/strath_internship22

This is all the work done for the summer internship: Digital Twinning Through Physics Informed Machine Learning. A Vibrating Bearing Case Study

Primary LanguagePython

Digital Twinning Through Physics Informed Machine Learning. A Vibrating Bearing Case Study

HIGH LEVEL DESCRIPTION OF SINDy

SINDy_high_level drawio(1)

HOW TO CHOOSE WHAT VERSION OF SINDy

SINDy drawio

Conclusions

Comparing SINDy, SINDy-PI, and Ensemble-SINDy applied to the Case Western and NASA datasets

image image

See ‘faulty data’ (in notes>logbook files) for more detail on the above results

Conclusions from the above table

SINDy-PI with the NASA Bearing dataset is the best fit model. Abrupt SINDy was not able to be run for either dataset, and therefore cannot be compared to the other SINDy variations. The Case Western Data was underfit for all variations of SINDy. The ensemble-SINDy method subsamples the data randomly, so each time you run the code for this, you may get slightly different equations.

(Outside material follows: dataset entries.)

(* Let $\mathsf{X}=\mathsf{Y}=\{0,1\}$, $\mu=\psi=\mathrm{Bernoulli}(1/2)$ and $\rho(x,y)=1_{\{x\ne y\}}$ (Hamming distortion). Then for every $D\in(0,1/2)$, $$I_0(\mu\|\psi,D)<C_0(\mu\|\psi,D).$$
   Context: $I_0(\mu\|\psi,D):=\min\{\max(I(X;U),I(Y;U)):\ P_X=\mu,\ P_Y=\psi,\ \mathbb{E}[\rho(X,Y)]\le D,\ X-U-Y\text{ Markov},\ |\mathsf{U}|\le|\mathsf{X}|+|\mathsf{Y}|+1\}$ (the minimum coding rate with no common randomness for the output-constrained problem). Wyner's common information of a joint law $P_{X,Y}$ is $C(X;Y):=\inf\{I(X,Y;U): X-U-Y\text{ Markov}, U \text{ finite-valued}\}$, and $C_0(\mu\|\psi,D):=\min\{C(X;Y): P_X=\mu,\ P_Y=\psi,\ \mathbb{E}[\rho(X,Y)]\le D\}$. *)

From Stdlib Require Import Reals.
Open Scope R_scope.

Fixpoint sumN (n : nat) (f : nat -> R) : R :=
  match n with O => 0 | S k => sumN k f + f k end.
Definition sumB (f : bool -> R) : R := f false + f true.

(* Convention 0 log(0/b) = 0; natural logarithm (base irrelevant here). *)
Definition plog (a b : R) : R :=
  if Req_EM_T a 0 then 0 else a * ln (a / b).

(* A joint law of (X,U,Y) on {0,1} x {0,...,n-1} x {0,1}, written p x u y. *)
Definition joint := bool -> nat -> bool -> R.

Definition valid (n : nat) (p : joint) : Prop :=
  (forall x u y, 0 <= p x u y) /\
  (forall x u y, (n <= u)%nat -> p x u y = 0) /\
  sumB (fun x => sumN n (fun u => sumB (fun y => p x u y))) = 1.

Definition pX  (n : nat) (p : joint) (x : bool) : R := sumN n (fun u => sumB (p x u)).
Definition pY  (n : nat) (p : joint) (y : bool) : R := sumN n (fun u => sumB (fun x => p x u y)).
Definition pU  (p : joint) (u : nat) : R := sumB (fun x => sumB (p x u)).
Definition pXU (p : joint) (x : bool) (u : nat) : R := sumB (p x u).
Definition pUY (p : joint) (u : nat) (y : bool) : R := sumB (fun x => p x u y).
Definition pXY (n : nat) (p : joint) (x y : bool) : R := sumN n (fun u => p x u y).

(* X - U - Y Markov chain: P(x,u,y) P(u) = P(x,u) P(u,y). *)
Definition markov (p : joint) : Prop :=
  forall x u y, p x u y * pU p u = pXU p x u * pUY p u y.

Definition MI_XU (n : nat) (p : joint) : R :=
  sumB (fun x => sumN n (fun u => plog (pXU p x u) (pX n p x * pU p u))).
Definition MI_YU (n : nat) (p : joint) : R :=
  sumB (fun y => sumN n (fun u => plog (pUY p u y) (pY n p y * pU p u))).
Definition MI_XY_U (n : nat) (p : joint) : R :=
  sumB (fun x => sumB (fun y => sumN n (fun u =>
    plog (p x u y) (pXY n p x y * pU p u)))).

(* Hamming distortion E[rho(X,Y)] = P(X <> Y). *)
Definition distortion (n : nat) (p : joint) : R := pXY n p false true + pXY n p true false.

Definition is_inf (S : R -> Prop) (m : R) : Prop :=
  (forall r, S r -> m <= r) /\ (forall m', (forall r, S r -> m' <= r) -> m' <= m).

(* mu = psi = Bernoulli(1/2); |U| <= |X|+|Y|+1 = 5, i.e. U takes values in {0,...,4}. *)
Definition I0_set (D : R) (r : R) : Prop :=
  exists p : joint, valid 5 p /\ markov p /\
    (forall x, pX 5 p x = 1/2) /\ (forall y, pY 5 p y = 1/2) /\
    distortion 5 p <= D /\ r = Rmax (MI_XU 5 p) (MI_YU 5 p).

Definition coupling (q : bool -> bool -> R) : Prop :=
  (forall x y, 0 <= q x y) /\
  (forall x, sumB (q x) = 1/2) /\ (forall y, sumB (fun x => q x y) = 1/2).

(* Wyner's common information C(X;Y) for P_{XY} = q: inf over finite-valued U. *)
Definition Wyner_set (q : bool -> bool -> R) (r : R) : Prop :=
  exists (n : nat) (p : joint), valid n p /\ markov p /\
    (forall x y, pXY n p x y = q x y) /\ r = MI_XY_U n p.

Definition C0_set (D : R) (c : R) : Prop :=
  exists q, coupling q /\ q false true + q true false <= D /\ is_inf (Wyner_set q) c.

(* Put a := (1 - sqrt (1 - 2D)) / 2, so that 2a(1-a) = D.  Feeding a uniform bit U into two
   independent binary symmetric channels with crossover a gives X, Y with P(X <> Y) = D and
   I(X;U) = I(Y;U) = ln 2 - h(a), hence I0 <= ln 2 - h(a).
   Conversely, let X - U - Y with X, Y uniform and P(X <> Y) = e.  Given U = u, X and Y are
   independent Bernoulli(s_u) and Bernoulli(t_u), so
     I(X,Y;U) = ln 2 + h(e) - sum_u P(u) (h(s_u) + h(t_u)).
   As s |-> h((1 - sqrt s)/2) is concave, its tangent at (1-2a)^2 bounds h(s_u) + h(t_u) by an
   affine function of (1 - 2 s_u)(1 - 2 t_u), whose P(u)-average is 1 - 2e.  This gives
   I(X,Y;U) >= wyner_bound a e, which is concave in e; on [0, D] it is therefore at least its
   value at 0 or at D, and both exceed ln 2 - h(a). *)

From Stdlib Require Import Reals Lra Lia.
From Coquelicot Require Import Coquelicot.
Open Scope R_scope.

Under-fitting and over-fitting

In pysindy, when defining the regression method, you can define ‘threshold’. This is referred to as the sparsification parameter in the papers. The larger this value, the more sparse the discovered equations are, but if it’s too high the model is underfit. Similarly, if this value is too low the model will be over-fit. You also need to consider the candidate libraries, if the library you’ve defined doesn’t have enough terms you’ll get an underfit model. Similarly, if its too large, the model would end up overfit/ the discovered equations would be too busy)

SINDy

  • SINDy (original) will recover the dynamics in the form of first order differential eqaution
  • It doesnt work well for noisy data (work best with 'synthetic data', as used in the papers)

SINDy-PI

  • The model has an equation for each term of the candidate library
    • E.g. if your library is [1, x, x_t, x_tt] then you’ll get 4 equations of the form 1 = …, x = …, x_t = …, and x_tt = …
    • Note this is the only version of SINDy that allows for time-dependant terms in the library (higher order derivative terms, sin(t) etc.)
  • For the NASA bearing dataset the equation “x0 = …” looks the closest to the training data, but “x0_t = …” is the best for the Case Western data
  • Overall SINDy-PI applied to the NASA Bearing Dataset was the best for recovering the dynamcics (out of all combinations of SINDy variation and dataset that were tried)

Ensemble-SINDy

  • There are 4 types of ensembling (look at example on pysindy gtihub for explanations), V1, V2, V3, and V4
  • Remaking the model before fitting it stops it working
    • E.g. if you’ve fit with V1 ensembling, then remade the model and fit w/ V2 model, it ends up not working
  • V1, V2, and V3 almost always gives the same model, V4 gives a more sparse model (and looks more accurate on NASA bearing dataset)

Further work - tailoring the model

For context on what the library and optimisation options are, see the literature review

  • This work covers changing the library for each SINDy variation

    • It was found that SINDy-PI was the only variation that allowed time dependant terms in the library
    • It was also found that for SINDy (original) increasing the number of terms in the library increased the number of terms in the recovered equations
    • Overall, the choice of the library is very important as the wrong choice prevents the method from working at all
  • This work also covered changing the threshold

    • The conclusions from this are described in the section 'Overfitting and Underfitting' above
  • Therefore, future work would cover adapting the model further

    • By changing the optimisation method (this work only used Sequentially Thresholded Least Sqaures)
    • By trying different terms in the library (e.g. exponential terms, logarithm terms, etc.)
  • Aswell as adapting the SINDy variations discussed here, there are other SINDy variations (e.g. SINDy-SA, SINDy-C, Abrupt-SINDY (see the literature review)) that could be investigated.